■ Exercise details:
Your answer should be the lines of the data below that contain "negsub".

■ Records shown:
(* Let $\mathsf{L}$ be an intermediate logic. Every consistent formula of the form $\neg\phi$ is $\mathcal{ST}$-projective in $\mathsf{L}^\neg$, where $\mathcal{ST}$ is the class of all substitutions that are stable in $\mathsf{L}^\neg$.
   Context: Formulas are built from propositional variables, $\bot,\top$ with $\wedge,\vee,\to$; $\neg\phi:=\phi\to\bot$. An intermediate theory is a set $\mathsf T$ of formulas closed under modus ponens with $\mathsf{IPC}\subseteq\mathsf T\subseteq\mathsf{CPC}$; an intermediate logic is an intermediate theory closed under uniform substitution. $\Gamma\vdash_{\mathsf T}\phi$ means $\phi$ is derivable from $\Gamma\cup\mathsf T$ by modus ponens; $\vdash_{\mathsf T}\phi$ means $\phi\in\mathsf T$. For an intermediate logic $\mathsf L$, $\phi^\neg$ is obtained by replacing every propositional variable $p$ in $\phi$ by $\neg p$, and $\mathsf L^\neg=\{\phi\mid\phi^\neg\in\mathsf L\}$. A substitution is a map on formulas commuting with the connectives and constants; it is stable in $\mathsf L^\neg$ if $\vdash_{\mathsf L^\neg}\sigma(p)\leftrightarrow\neg\neg\sigma(p)$ for all propositional variables $p$. A formula $\psi$ is consistent if $\psi\nvdash_{\mathsf L^\neg}\bot$. For a set $\mathcal S$ of substitutions, $\psi$ is $\mathcal S$-projective in $\mathsf L^\neg$ if there is $\sigma\in\mathcal S$ with $\vdash_{\mathsf L^\neg}\sigma(\psi)$, and $\psi,\sigma(p)\vdash_{\mathsf L^\neg}p$ and $\psi,p\vdash_{\mathsf L^\neg}\sigma(p)$ for all propositional variables $p$. *)

From Stdlib Require Import Bool.

Inductive form : Type :=
| Var : nat -> form
| Bot : form
| Top : form
| And : form -> form -> form
| Or  : form -> form -> form
| Imp : form -> form -> form.

Definition Neg (a : form) : form := Imp a Bot.
Definition Iff (a b : form) : form := And (Imp a b) (Imp b a).

Fixpoint subst (s : nat -> form) (f : form) : form :=
  match f with
  | Var p => s p
  | Bot => Bot
  | Top => Top
  | And a b => And (subst s a) (subst s b)
  | Or a b => Or (subst s a) (subst s b)
  | Imp a b => Imp (subst s a) (subst s b)
  end.

Inductive IPC : form -> Prop :=
| ax_K a b : IPC (Imp a (Imp b a))
| ax_S a b c : IPC (Imp (Imp a (Imp b c)) (Imp (Imp a b) (Imp a c)))
| ax_andE1 a b : IPC (Imp (And a b) a)
| ax_andE2 a b : IPC (Imp (And a b) b)
| ax_andI a b : IPC (Imp a (Imp b (And a b)))
| ax_orI1 a b : IPC (Imp a (Or a b))
| ax_orI2 a b : IPC (Imp b (Or a b))
| ax_orE a b c : IPC (Imp (Imp a c) (Imp (Imp b c) (Imp (Or a b) c)))
| ax_efq a : IPC (Imp Bot a)
| ax_top : IPC Top
| ipc_mp a b : IPC (Imp a b) -> IPC a -> IPC b.

Fixpoint beval (v : nat -> bool) (f : form) : bool :=
  match f with
  | Var p => v p
  | Bot => false
  | Top => true
  | And a b => beval v a && beval v b
  | Or a b => beval v a || beval v b
  | Imp a b => implb (beval v a) (beval v b)
  end.

Definition CPC (f : form) : Prop := forall v, beval v f = true.

Definition closed_MP (T : form -> Prop) : Prop :=
  forall a b, T (Imp a b) -> T a -> T b.

Definition intermediate_theory (T : form -> Prop) : Prop :=
  closed_MP T /\ (forall f, IPC f -> T f) /\ (forall f, T f -> CPC f).

Definition intermediate_logic (L : form -> Prop) : Prop :=
  intermediate_theory L /\ (forall s f, L f -> L (subst s f)).

Inductive derivable (T : form -> Prop) (Gamma : form -> Prop) : form -> Prop :=
| der_hyp f : Gamma f -> derivable T Gamma f
| der_thm f : T f -> derivable T Gamma f
| der_mp a b : derivable T Gamma (Imp a b) -> derivable T Gamma a ->
               derivable T Gamma b.

Definition negsub (f : form) : form := subst (fun p => Neg (Var p)) f.

Definition Lneg (L : form -> Prop) : form -> Prop := fun f => L (negsub f).

Definition single (a : form) : form -> Prop := fun x => x = a.
Definition pair (a b : form) : form -> Prop := fun x => x = a \/ x = b.

Definition stable (T : form -> Prop) (s : nat -> form) : Prop :=
  forall p, T (Iff (s p) (Neg (Neg (s p)))).

Definition consistent (T : form -> Prop) (psi : form) : Prop :=
  ~ derivable T (single psi) Bot.

Definition projective (S : (nat -> form) -> Prop) (T : form -> Prop) (psi : form) : Prop :=
  exists s, S s /\ T (subst s psi) /\
    (forall p, derivable T (pair psi (s p)) (Var p)) /\
    (forall p, derivable T (pair psi (Var p)) (s p)).

From Stdlib Require Import Arith Bool Lia Classical.

(* If ¬φ is consistent in L^¬ then φ is not a classical tautology, because by
   Glivenko's theorem IPC proves ¬¬φ for every tautology φ.  Fix a valuation v
   refuting φ and let σ(p) be ¬φ → p if v(p) holds and ¬φ ∧ p otherwise.  Under
   ¬φ, σ is equivalent to the identity substitution.  Under ¬¬φ, each σ(p) or
   ¬σ(p), as chosen by v, is provable, so Kalmár's lemma refutes σ(φ); by cases
   on ¬φ / ¬¬φ we get ⊢ ¬σ(φ) = σ(¬φ).  Finally σ is stable: L^¬ proves ¬¬p → p
   (its substitution instance ¬¬¬p → ¬p is intuitionistic), and ¬¬-stable
   formulas are closed under conjunction and under implications into them. *)

Definition empty_ctx : form -> Prop := fun _ => False.

Definition extend (G : form -> Prop) (a : form) : form -> Prop :=
  fun x => G x \/ x = a.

■ Result of the exercise:
Definition negsub (f : form) : form := subst (fun p => Neg (Var p)) f.
Definition Lneg (L : form -> Prop) : form -> Prop := fun f => L (negsub f).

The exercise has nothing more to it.